Theorem proposition4p4
  (R : realType) (V : lmodType R[i]) (ip : V -> V -> R[i])
  (hH : is_hilbert ip)
  (n : nat) (P : 'I_n.+2 -> V -> V) (hP : forall j, orth_proj ip (P j))
  (R0 : V -> V) (hR0 : positive_op ip R0)
  (q : 'I_n.+2 -> R) (hq0 : forall j, 0 <= q j) (hq1 : \sum_(j < n.+2) q j = 1)
  (x : V) (hx : 0 < ip x (R0 x))
  (nu : probability (Omega n) R)
  (hnu : forall w : seq 'I_n.+2,
      nu (cylinder w) = (cylprob ip P R0 x q w)%:E) :
  let A := fun (k : nat) (om : Omega n) =>
             complex.Re (ip x (Delta ip P R0 k om x)) in
  let Einf := (\int[nu]_om (complex.Re (ip x (Rinf ip P R0 om x)))%:E)%E in
  (forall k : nat, (1 <= k)%N ->
     (forall om, 0 <= A k om) /\ nu.-integrable setT (fun om => (A k om)%:E)) /\
  nu.-integrable setT (fun om => (complex.Re (ip x (Rinf ip P R0 om x)))%:E) /\
  (complex.Re (ip x (R0 x)))%:E
    = (Einf + \sum_(1 <= k <oo) \int[nu]_om (A k om)%:E)%E /\
  (\sum_(1 <= k <oo) \int[nu]_om (A k om)%:E)%E
    = ((complex.Re (ip x (R0 x)))%:E - Einf)%E /\
  (\sum_(1 <= k <oo) \int[nu]_om (A k om)%:E < +oo)%E.
Proof.
move=> A Einf; have [hip hc] := hH.
set c := complex.Re (ip x (R0 x)).
pose f k (om : Omega n) := complex.Re (ip x (Rw ip P R0 (prefix om k) x)).
have f_bound k om : 0 <= f k om <= c := Re_ip_Rw_bound hip hc hP hR0 _ x.
pose g om := complex.Re (ip x (Rinf ip P R0 om x)).
have f_cvg om : f ^~ om @ \oo --> g om := Re_ip_Rinf_cvg hip hc hP hR0 (om := om) (v := x).
have f_meas k : measurable_fun setT (f k).
  exact: (prefix_measurable k (fun w => complex.Re (ip x (Rw ip P R0 w x)))).
have A_eq k om : A k.+1 om = f k om - f k.+1 om.
  by rewrite /f (Re_ip_Rw_prefixS hip hc hP hR0 om k x) addrC addKr.
have A_ge0 k om : 0 <= A k.+1 om by apply: ger0_Re; exact: Delta_psd.
have g_int := limit_integrable nu f_meas f_bound f_cvg.
have sumE : (\sum_(1 <= k <oo) \int[nu]_om (A k om)%:E = c%:E - Einf)%E.
  have -> : c%:E = (\int[nu]_om (f 0%N om)%:E)%E.
    rewrite (eq_integral (fun _ => c%:E)) // integral_cst //.
    set X := (X in (_ * X)%E); have -> : X = 1%E by exact: probability_setT.
    by rewrite mule1.
  rewrite -(integral_telescope nu f_meas f_bound f_cvg).
  apply/congr_lim/funext => N; apply: eq_big_nat => -[//|k] _.
  by apply: eq_integral => om _; rewrite A_eq.
have Einf_fin : Einf \is a fin_num := integrable_fin_num measurableT g_int.
split; [case=> // k _; split => // | split => //].
  apply: (bounded_integrable nu (c := c)).
    exact: (prefix_measurable k.+1 (fun w => complex.Re (ip x (Dw ip P R0 w x)))).
  move=> om; rewrite A_ge0 /= A_eq.
  by have := f_bound k om; have := f_bound k.+1 om; lra.
rewrite sumE -(fineK Einf_fin) -EFinB -EFinD addrC subrK.
by do 2!split=> //; exact: ltry.
Qed.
______
PROBLEM TO WORK ON: When the line with "(hH : is_hilbert ip)" is reached in the data above, begin copying, and stop after the line with "have f_bound k"; copy each line exactly, both ends included.

OUTPUT OF THE TASK:
  (hH : is_hilbert ip)
  (n : nat) (P : 'I_n.+2 -> V -> V) (hP : forall j, orth_proj ip (P j))
  (R0 : V -> V) (hR0 : positive_op ip R0)
  (q : 'I_n.+2 -> R) (hq0 : forall j, 0 <= q j) (hq1 : \sum_(j < n.+2) q j = 1)
  (x : V) (hx : 0 < ip x (R0 x))
  (nu : probability (Omega n) R)
  (hnu : forall w : seq 'I_n.+2,
      nu (cylinder w) = (cylprob ip P R0 x q w)%:E) :
  let A := fun (k : nat) (om : Omega n) =>
             complex.Re (ip x (Delta ip P R0 k om x)) in
  let Einf := (\int[nu]_om (complex.Re (ip x (Rinf ip P R0 om x)))%:E)%E in
  (forall k : nat, (1 <= k)%N ->
     (forall om, 0 <= A k om) /\ nu.-integrable setT (fun om => (A k om)%:E)) /\
  nu.-integrable setT (fun om => (complex.Re (ip x (Rinf ip P R0 om x)))%:E) /\
  (complex.Re (ip x (R0 x)))%:E
    = (Einf + \sum_(1 <= k <oo) \int[nu]_om (A k om)%:E)%E /\
  (\sum_(1 <= k <oo) \int[nu]_om (A k om)%:E)%E
    = ((complex.Re (ip x (R0 x)))%:E - Einf)%E /\
  (\sum_(1 <= k <oo) \int[nu]_om (A k om)%:E < +oo)%E.
Proof.
move=> A Einf; have [hip hc] := hH.
set c := complex.Re (ip x (R0 x)).
pose f k (om : Omega n) := complex.Re (ip x (Rw ip P R0 (prefix om k) x)).
have f_bound k om : 0 <= f k om <= c := Re_ip_Rw_bound hip hc hP hR0 _ x.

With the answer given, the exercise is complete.